I’m not just saying that because I feel bad for all the pigs.  Which I do, by the way, because I’ve heard they’re pretty intelligent and I suspect they might be smarter than a lot of the people I live around who eat them.  Which would be proof that you sadly don’t become what you eat.

But then, I feel bad for all the animals on multiple levels of human abusive use.  I don’t feel bad for animals that are carefully hunted and completely consumed by the people hunting them.
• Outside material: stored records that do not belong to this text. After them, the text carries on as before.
(* Let $k\ge1$, let $a_1,\ldots,a_k$ be positive integers, let $\theta=(\theta_1,\ldots,\theta_k)$ be a $k$-tuple of nonnegative integers, and let $r$ be an integer. Then the residue mod $2$ of $$\sum_{B}\prod_{i=1}^k\binom{a_i+b_i-2}{b_i},$$ where $B=(b_1,\ldots,b_k)$ ranges over all $k$-tuples of nonnegative integers with $b_1+\cdots+b_k=k-r$ and $B+\theta\in\mathcal{S}_k$, depends only on the residues $a_i\bmod 2^{\lg(2i)}$, $i=1,\ldots,k$.
   Context: $\mathcal{S}_k$ is the set of $k$-tuples of nonnegative integers such that, for every $j$, the sum of the first $j$ components is $\le j$. $\lg(x)=\lfloor\log_2x\rfloor$. Binomial coefficients are $\binom{x}{b}=x(x-1)\cdots(x-b+1)/b!$ for integer $x$ and $b\ge0$ (so $\binom{-1}{0}=1$). (This sum is the formula, due to earlier work of the author, for $\phi(R^{m-r}V_{j_1}\cdots V_{j_r})$ in the top cohomology of a planar polygon space with a single gene $\{m+3,g_1,\ldots,g_k\}$, $a_i=g_i-g_{i+1}$, $\theta=\theta(\{j_1,\ldots,j_r\})$.) *)

From mathcomp Require Import all_boot all_order all_algebra.
Set Implicit Arguments. Unset Strict Implicit. Unset Printing Implicit Defensive.
Import Order.TTheory GRing.Theory Num.Theory.
Local Open Scope ring_scope.

(* Generalized binomial coefficient for an integer upper argument:
   binz x b = x(x-1)...(x-b+1) / b!  (the division is exact). *)
Definition binz (x : int) (b : nat) : int :=
  ((\prod_(i < b) (x - (i : nat)%:Z)) %/ (b`!)%:Z)%Z.

Definition lg (x : nat) : nat := trunc_log 2 x.

(* c : 'I_k -> nat (index i stands for i+1) lies in S_k:
   for every j = 1..k, c_1 + ... + c_j <= j. *)
Definition inS (k : nat) (c : 'I_k -> nat) : bool :=
  [forall j : 'I_k, (\sum_(i < k | (i <= j)%N) c i <= j.+1)%N].

(* Every such B has all b_i <= k (from the S_k condition at j = k),
   so B ranges over {ffun 'I_k -> 'I_k.+1} without loss. *)
Definition gsum (k : nat) (a theta : 'I_k -> nat) (r : int) : int :=
  \sum_(B : {ffun 'I_k -> 'I_k.+1} |
          (Posz (\sum_(i < k) (B i : nat))%N == k%:Z - r)
          && inS (fun i => (B i : nat) + theta i))
     \prod_(i < k) binz ((a i)%:Z + (B i : nat)%:Z - 2) (B i).

(* For [b < p ^ L] the residue of ['C(n, b)] mod a prime [p] depends only on
   [n mod p ^ L]: by Vandermonde, ['C(p ^ L + n, b)] is ['C(n, b)] plus terms
   divisible by [p].  In the sum, the [S_k] condition forces [b_i <= i], and
   [i < 2 ^ lg (2 i)], so every factor [C(a_i + b_i - 2, b_i)] has its residue
   mod 2 determined by [a_i mod 2 ^ lg (2 i)]. *)
From mathcomp Require Import all_boot all_order all_algebra.
From mathcomp Require Import zify.
Import Order.TTheory GRing.Theory Num.Theory.

Lemma prime_dvd_bin_pexp p L j : prime p -> 0 < j < p ^ L -> p %| 'C(p ^ L, j).
Proof.
case: j => [//|j] p_pr /andP[_ lt_j].
apply/negPn/negP => ndvd.
have cop : coprime (p ^ L) 'C(p ^ L, j.+1).
  case: L lt_j ndvd => [|L] _ ndvd; first by rewrite coprime1n.
  by rewrite coprime_pexpl // prime_coprime.
have : p ^ L %| j.+1 * 'C(p ^ L, j.+1) by rewrite -mul_bin_diag dvdn_mulr.
rewrite mulnC Gauss_dvdr // => /(dvdn_leq (ltn0Sn j)).
by rewrite leqNgt lt_j.
Qed.

Lemma bin_pexpD_mod p L n b : prime p -> b < p ^ L ->
  'C(p ^ L + n, b) = 'C(n, b) %[mod p].
Proof.
move=> p_pr lt_b.
rewrite -binomial.Vandermonde big_ord_recl /= bin0 mul1n subn0 -modnDm.
have -> : (\sum_(i < b) 'C(p ^ L, bump 0 i) * 'C(n, b - bump 0 i)) %% p = 0.
  apply/eqP/dvdn_sum => i _; apply/dvdn_mulr/prime_dvd_bin_pexp => //.
  by rewrite /bump /= add1n (leq_ltn_trans (ltn_ord i) lt_b).
by rewrite addn0 modn_mod.
Qed.

Lemma bin_mod_pexp p L n n' b : prime p -> b < p ^ L ->
  n = n' %[mod p ^ L] -> 'C(n, b) = 'C(n', b) %[mod p].
Proof.
move=> p_pr lt_b eq_n.
have shift t m : 'C(p ^ L * t + m, b) = 'C(m, b) %[mod p].
  by elim: t => [|t IHt]; rewrite ?muln0 // mulnS -addnA bin_pexpD_mod.
rewrite (divn_eq n (p ^ L)) (divn_eq n' (p ^ L)) eq_n.
by rewrite ![_ %/ _ * _]mulnC !shift.
Qed.

Local Open Scope ring_scope.

Lemma eqz_mod_sum (I : Type) (r : seq I) (P : pred I) (F G : I -> int) d :
  (forall i, P i -> F i = G i %[mod d])%Z ->
  (\sum_(i <- r | P i) F i = \sum_(i <- r | P i) G i %[mod d])%Z.
Proof.
move=> eqFG; apply: (big_ind2 (fun x y => x = y %[mod d])%Z) => //.
by move=> x1 x2 y1 y2 e1 e2; rewrite -modzDm e1 e2 modzDm.
Qed.

Lemma eqz_mod_prod (I : Type) (r : seq I) (P : pred I) (F G : I -> int) d :
  (forall i, P i -> F i = G i %[mod d])%Z ->
  (\prod_(i <- r | P i) F i = \prod_(i <- r | P i) G i %[mod d])%Z.
Proof.
move=> eqFG; apply: (big_ind2 (fun x y => x = y %[mod d])%Z) => //.
by move=> x1 x2 y1 y2 e1 e2; rewrite -modzMm e1 e2 modzMm.
Qed.

Lemma binz0 x : binz x 0 = 1.
Proof. by rewrite /binz big_ord0. Qed.

Lemma binz_nat (n b : nat) : binz n%:Z b = 'C(n, b)%:Z.
Proof.
have prod_ffact : \prod_(i < b) (n%:Z - (i : nat)%:Z) = (n ^_ b)%:Z.
  elim: b => [|b IHb]; first by rewrite big_ord0 ffactn0.
  rewrite big_ord_recr /= IHb ffactnSr.
  case: (leqP b n) => [le_bn|lt_nb]; first by rewrite PoszM -subzn.
  by rewrite ffact_small // !mul0r.
by rewrite /binz prod_ffact -bin_ffact divz_nat mulnK ?fact_gt0.
Qed.

Lemma binz_sub2_mod_pexp p L (a a' b : nat) : prime p ->
  (0 < a)%N -> (0 < a')%N -> (b < p ^ L)%N -> a = a' %[mod p ^ L] ->
  (binz (a%:Z + b%:Z - 2) b = binz (a'%:Z + b%:Z - 2) b %[mod p])%Z.
Proof.
case: b => [|b] p_pr a_gt0 a'_gt0 lt_b eq_a; first by rewrite !binz0.
have natE c : (0 < c)%N -> c%:Z + b.+1%:Z - 2 = (c.-1 + b)%N%:Z.
  by case: c => [|c] //= _; lia.
rewrite !natE // !binz_nat !modz_nat; congr Posz.
apply: bin_mod_pexp p_pr lt_b _.
apply/eqP; rewrite -(eqn_modDr 1) !(addnAC _ b 1) !addn1 !prednK //.
by rewrite eqn_modDr eq_a.
Qed.

Lemma inS_le k (c : 'I_k -> nat) : inS c -> forall i : 'I_k, (c i <= i.+1)%N.
Proof.
move=> /forallP cS i; apply: leq_trans (cS i).
by rewrite (bigD1 i) //= leq_addr.
Qed.

Lemma lg_double_gt n : (n < 2 ^ lg (2 * n))%N.
Proof.
have := trunc_log_ltn (2 * n) (isT : (1 < 2)%N).
by rewrite /lg expnS ltn_pmul2l.
Qed.

Theorem corollary4p3 (k : nat) (a a' theta : 'I_k -> nat) (r : int) :
  (1 <= k)%N ->
  (forall i, 0 < a i)%N ->
  (forall i, 0 < a' i)%N ->
  (forall i : 'I_k, a i = a' i %[mod 2 ^ lg (2 * i.+1)]) ->
  (gsum a theta r %% 2 = gsum a' theta r %% 2)%Z.
Proof.
move=> _ a_gt0 a'_gt0 eq_a; apply: eqz_mod_sum => B /andP[_ /inS_le le_B].
apply: eqz_mod_prod => i _; apply: binz_sub2_mod_pexp (eq_a i) => //.
apply: leq_ltn_trans (lg_double_gt _).
exact: leq_trans (leq_addr _ _) (le_B i).
Qed.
In case anyone was wondering.

  • I am also tired of the “I love me some…” trend. I understand it’s a fun casual slightly ghetto way of talking that brings joy to many completely unghetto white people but I’m tired of it.  “I love me some bacon.”  “I love me some huge families.”  “I love me some poverty.”  It sounds uneducated.  It sounds inauthentic.  It sounds like an affectation similar to a feigned consumptive cough produced by an obviously robust person.    I love slang, I love colloquialisms, so I’m not suggesting people don’t have fun playing with language, it’s just that I’m so fatigued by this one, it’s ubiquitous.   I’d love it if everyone could move on to a new improper uneducated way of expressing enthusiasm for things.

I promise that I’ll work on refreshing my own use of colloquialisms too.  I need to read a Georgette Heyer book and write down some of her classics.  19th century ghetto is much more interesting and fresh at this point than 21st century ghetto.
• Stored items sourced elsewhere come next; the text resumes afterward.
(* Let $x_1,\dots,x_n\in\mathbb{R}^p$, let $u_1,\dots,u_s$ be points chosen from $\{x_1,\dots,x_n\}$, and let $k$ be a nonnegative base kernel such that all normalizing sums below are positive. For $1\le j\le s$ let $n_j$ be the number of $x_i$ whose nearest induced point is $u_j$. Define for $1\le i\le n$, $1\le j\le s$: $$A_{ij}=\frac{n_jk(x_i,u_j)}{\sum_{q=1}^nk(x_q,u_j)\sum_{q=1}^sn_qk(x_i,u_q)},\qquad Z_{ij}=\frac{A_{ij}}{\sum_{l=1}^sA_{il}},$$ let $\Lambda$ be the $s\times s$ diagonal matrix with $\Lambda_{jj}=\sum_{i=1}^nZ_{ij}$, and $L=I-(Z\Lambda^{-1}Z^\top)^{1/2}$ (with the positive semidefinite square root). Then the eigenvalues of $L$ are real and lie in $[0,1]$; in particular $0$ is the smallest eigenvalue of $L$. *)

From HB Require Import structures.
From mathcomp Require Import all_boot all_order all_algebra.
From mathcomp Require Import reals.
From mathcomp Require Export complex.
Set Implicit Arguments. Unset Strict Implicit. Unset Printing Implicit Defensive.
Import Order.TTheory GRing.Theory Num.Theory.
Local Open Scope ring_scope.

Section Defs.
Variables (R : realType) (n p s : nat).
Variables (x : 'I_n -> 'rV[R]_p) (c : 'I_s -> 'I_n) (k : 'rV[R]_p -> 'rV[R]_p -> R).

Definition edist (a b : 'rV[R]_p) : R := Num.sqrt (\sum_(t < p) (a 0 t - b 0 t) ^+ 2).

Definition ind (j : 'I_s) : 'rV[R]_p := x (c j).

(* u_j is the nearest induced point of x_i (ties broken by smallest index j) *)
Definition is_nearest (i : 'I_n) (j : 'I_s) : bool :=
  [forall l : 'I_s, edist (x i) (ind j) <= edist (x i) (ind l)] &&
  [forall l : 'I_s, (l < j)%N ==> (edist (x i) (ind j) < edist (x i) (ind l))].

Definition ncount (j : 'I_s) : nat := #|[set i | is_nearest i j]|.

Definition Amx : 'M[R]_(n, s) := \matrix_(i, j)
  ((ncount j)%:R * k (x i) (ind j) /
   ((\sum_(q < n) k (x q) (ind j)) * (\sum_(q < s) (ncount q)%:R * k (x i) (ind q)))).

Definition Zmx : 'M[R]_(n, s) := \matrix_(i, j) (Amx i j / \sum_(l < s) Amx i l).

Definition Lam : 'M[R]_s := diag_mx (\row_j \sum_(i < n) Zmx i j).

Definition Mmx : 'M[R]_n := Zmx *m invmx Lam *m Zmx^T.
End Defs.

Definition psd_sqrt (R : realType) (m : nat) (M S : 'M[R]_m) : Prop :=
  S^T = S /\ (forall v : 'cV[R]_m, 0 <= (v^T *m S *m v) 0 0) /\ S *m S = M.

(* M = Z Λ^-1 Z^T is a symmetric positive semidefinite contraction: since the
   rows of Z are probability vectors and Λ collects the column sums of Z,
   v^T M v = Σ_j (Σ_i Z_ij v_i)^2 / Λ_jj <= Σ_j Σ_i Z_ij v_i^2 = v^T v by
   Jensen's inequality for the weights Z_.j / Λ_jj.  Moreover M 1 = 1.
   Diagonalizing M over the reals gives a positive semidefinite square root S
   whose eigenvalues lie in [0, 1] (S >= 0 and S^2 <= I), so those of I - S do
   too; and S 1 = 1 because (S + I)(S 1 - 1) = S^2 1 - 1 = 0 with S + I
   positive definite, so 0 is an eigenvalue of I - S. *)
From HB Require Import structures.
From mathcomp Require Import all_boot all_order all_algebra.
From mathcomp Require Import reals complex.
From mathcomp Require Import ring lra.
Import Order.TTheory GRing.Theory Num.Theory.
Local Open Scope ring_scope.
Set Implicit Arguments. Unset Strict Implicit. Unset Printing Implicit Defensive.

Definition psdmx (R : numDomainType) n (A : 'M[R]_n) :=
  forall v : 'cV[R]_n, 0 <= (v^T *m A *m v) 0 0.

Section Diagonalized.
Variables (F : fieldType) (n : nat).
Implicit Types (A P X : 'M[F]_n) (d : 'rV[F]_n).

Lemma diagonalized_row_eigen P A d j : P *m A = diag_mx d *m P ->
  row j P *m A = d 0 j *: row j P.
Proof.
by move=> PA; rewrite -row_mul PA mul_diag_mx; apply/rowP => l; rewrite !mxE.
Qed.

Lemma unitmx_row_neq0 P j : P \in unitmx -> row j P != 0.
Proof.
move=> Pu; apply: contraTneq isT => Pj0.
have /rowP/(_ j) := congr1 (mulmx^~ (invmx P)) Pj0.
by rewrite -row_mul mulmxV // mul0mx !mxE eqxx => /eqP; rewrite oner_eq0.
Qed.

Lemma diagonalized_eigenvalue P A d a :
  P \in unitmx -> P *m A = diag_mx d *m P -> eigenvalue A a ->
  exists j, a = d 0 j.
Proof.
move=> Pu PA /eigenvalueP [v vA v_neq0].
pose w := v *m invmx P.
have vE : v = w *m P by rewrite mulmxKV.
have wd : w *m diag_mx d = a *: w.
  apply: (can_inj (mulmxK Pu)).
  by rewrite -mulmxA -PA mulmxA -vE vA -scalemxAl -vE.
clearbody w; have [j wj] : exists j, w 0 j != 0.
  apply/existsP; apply: contraNT v_neq0; rewrite negb_exists => /forallP wj0.
  suff w_eq0 : w = 0 by rewrite vE w_eq0 mul0mx.
  by apply/rowP => j; rewrite mxE; apply/eqP/negPn/wj0.
exists j; apply: (mulIf wj).
by move/rowP: wd => /(_ j); rewrite mul_mx_diag !mxE mulrC => <-.
Qed.

Lemma diag_intertwine_map (g : F -> F) X d d' :
  X *m diag_mx d = diag_mx d' *m X ->
  X *m diag_mx (map_mx g d) = diag_mx (map_mx g d') *m X.
Proof.
move=> /matrixP Xd; apply/matrixP => i j; have := Xd i j.
rewrite !mul_mx_diag !mul_diag_mx !mxE => Xij.
have [->|Xij_neq0] := eqVneq (X i j) 0; first by rewrite mul0r mulr0.
suff -> : d 0 j = d' 0 i by rewrite mulrC.
by apply: (mulfI Xij_neq0); rewrite Xij mulrC.
Qed.

(* Functional calculus on diagonalizable matrices is well defined. *)
Lemma diag_conj_map (g : F -> F) P Q d d' :
  P \in unitmx -> Q \in unitmx ->
  invmx P *m diag_mx d *m P = invmx Q *m diag_mx d' *m Q ->
  invmx P *m diag_mx (map_mx g d) *m P = invmx Q *m diag_mx (map_mx g d') *m Q.
Proof.
move=> Pu Qu PQ; pose X := Q *m invmx P.
have Xd : X *m diag_mx d = diag_mx d' *m X.
  have := congr1 (fun Y => Q *m Y *m invmx P) PQ.
  by rewrite !mulmxA mulmxV // mul1mx mulmxK // -!mulmxA.
have := congr1 (fun Y => invmx Q *m Y *m P) (diag_intertwine_map g Xd).
by rewrite !mulmxA mulVmx // mul1mx mulmxKV // => ->; rewrite mulmxK.
Qed.

Lemma diag_conjM P d d' : P \in unitmx ->
  (invmx P *m diag_mx d *m P) *m (invmx P *m diag_mx d' *m P) =
  invmx P *m diag_mx (\row_j (d 0 j * d' 0 j)) *m P.
Proof. by move=> Pu; rewrite !mulmxA mulmxK // -mulmx_diag !mulmxA. Qed.

End Diagonalized.

Section RealSymmetric.
Variables (R : rcfType) (n : nat).
Implicit Types (A P S : 'M[R]_n) (d : 'rV[R]_n).

Lemma symmetric_diagonalizable A : A^T = A ->
  exists2 P, P \in unitmx & exists d, P *m A = diag_mx d *m P.
Proof.
move=> Asym; pose rc := real_complex R; pose AC := map_mx rc A.
have ACreal : AC \is a realmx.
  by apply/mxOverP => i j; rewrite mxE; apply/complex_realP; eexists.
have ACherm : AC \is hermsymmx.
  apply: realsym_hermsym ACreal.
  apply/is_hermitianmxP.
  by rewrite expr0 scale1r map_mx_id // /AC map_trmx Asym.
have ACdiag := orthomx_spectralP (hermitian_normalmx ACherm).
have dreal := hermitian_spectral_diag_real ACherm.
have ACsim : similar_in unitmx AC (diag_mx (spectral_diag AC)).
  exists (spectralmx AC); first exact: spectral_unit.
  apply/similarP; first exact: spectral_unit.
  by rewrite [X in _ *m X = _]ACdiag !mulmxA mulmxV ?spectral_unit // mul1mx.
have [] := real_similar ACsim ACreal.
  by apply/mxOverP => i j; rewrite mxE; case: eqP => _;
    rewrite ?mulr1n ?mulr0n ?(mxOverP dreal) ?real0.
move=> Q /andP [Qreal Qu] /(similarP Qu) QAC.
pose re m (M : 'M[R[i]]_(m, n)) := map_mx (@complex.Re R) M.
have reK m (M : 'M_(m, n)) : M \is a realmx -> map_mx rc (re _ M) = M.
  by move=> /mxOverP Mreal; apply/matrixP => i j; rewrite !mxE /rc RRe_real.
exists (re _ Q); first by rewrite -(map_unitmx rc) reK.
exists (re _ (spectral_diag AC)); apply: (@map_mx_inj _ _ rc).
by rewrite !map_mxM map_diag_mx !reK.
Qed.

Lemma mulmx_tr_ge0 m (u : 'rV[R]_m) : 0 <= (u *m u^T) 0 0.
Proof. by rewrite mxE; apply: sumr_ge0 => i _; rewrite mxE -expr2 sqr_ge0. Qed.

Lemma mulmx_tr_gt0 m (u : 'rV[R]_m) : u != 0 -> 0 < (u *m u^T) 0 0.
Proof.
rewrite lt_def mulmx_tr_ge0 andbT; apply: contraNneq => u0.
apply/eqP/rowP => i; rewrite mxE; apply/eqP; rewrite -sqrf_eq0.
move: u0; rewrite mxE => /eqP; rewrite psumr_eq0 => [/allP/(_ i)|l _].
  by rewrite mem_index_enum !mxE -expr2 => /(_ isT)/implyP/(_ isT).
by rewrite mxE -expr2 sqr_ge0.
Qed.

Lemma psdmx_tr_mulmx m (B : 'M[R]_(m, n)) : psdmx (B^T *m B).
Proof.
by move=> v; rewrite mulmxA -trmx_mul -mulmxA -{2}(trmxK (B *m v)) mulmx_tr_ge0.
Qed.

Lemma diagonalized_quad_form A P d j : P *m A = diag_mx d *m P ->
  (row j P *m A *m (row j P)^T) 0 0 = d 0 j * (row j P *m (row j P)^T) 0 0.
Proof. by move=> PA; rewrite (diagonalized_row_eigen j PA) -scalemxAl mxE. Qed.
I will endeavor to replace the rampant use of “awesome” in my daily vocabulary.

I had more tired trends to report but my Monday is rapidly devolving into a tortured metaphor for the quality that makes a winter squash appropriate for pie: density of flesh.

I think tea is required.

*Yes, Philip does drive a car and yes I  benefit from him driving the car as my scooter can’t carry us all to Portland, and sometimes when it’s really icy or windy out I need to be driven places.

2 comments

  1. oh LORD but I agree with you. I admit I like bacon….but I’m tired of opening magazines and seeing recipes for cookies with bacon or popcorn with bacon or anything with bacon. Geesh. And I agree on the ‘love me some’ too…and am greatly looking forward to your list of Georgette Heyer colloquialisms!!!

  2. angelina says:

    And there’s nothing wrong with liking bacon… as long as the enjoyment isn’t more obsessive and creepy than my enjoyment of cheese. Oh man, Georgette has the BEST 19th century slang in her books! She did great research on that period of time and because her books (unlike Jane Austen’s) included a lot of colorful poor people in it- the language is hilarious. To me, anyway. Every time I read them I say I should take notes and then I get so wrapped up I forget.

    Dunderheaded is a favorite of mine that I ought to use more often in real life.
    Soft in the upperworks is another.

    She puts to shame all my writing skills. Dammit.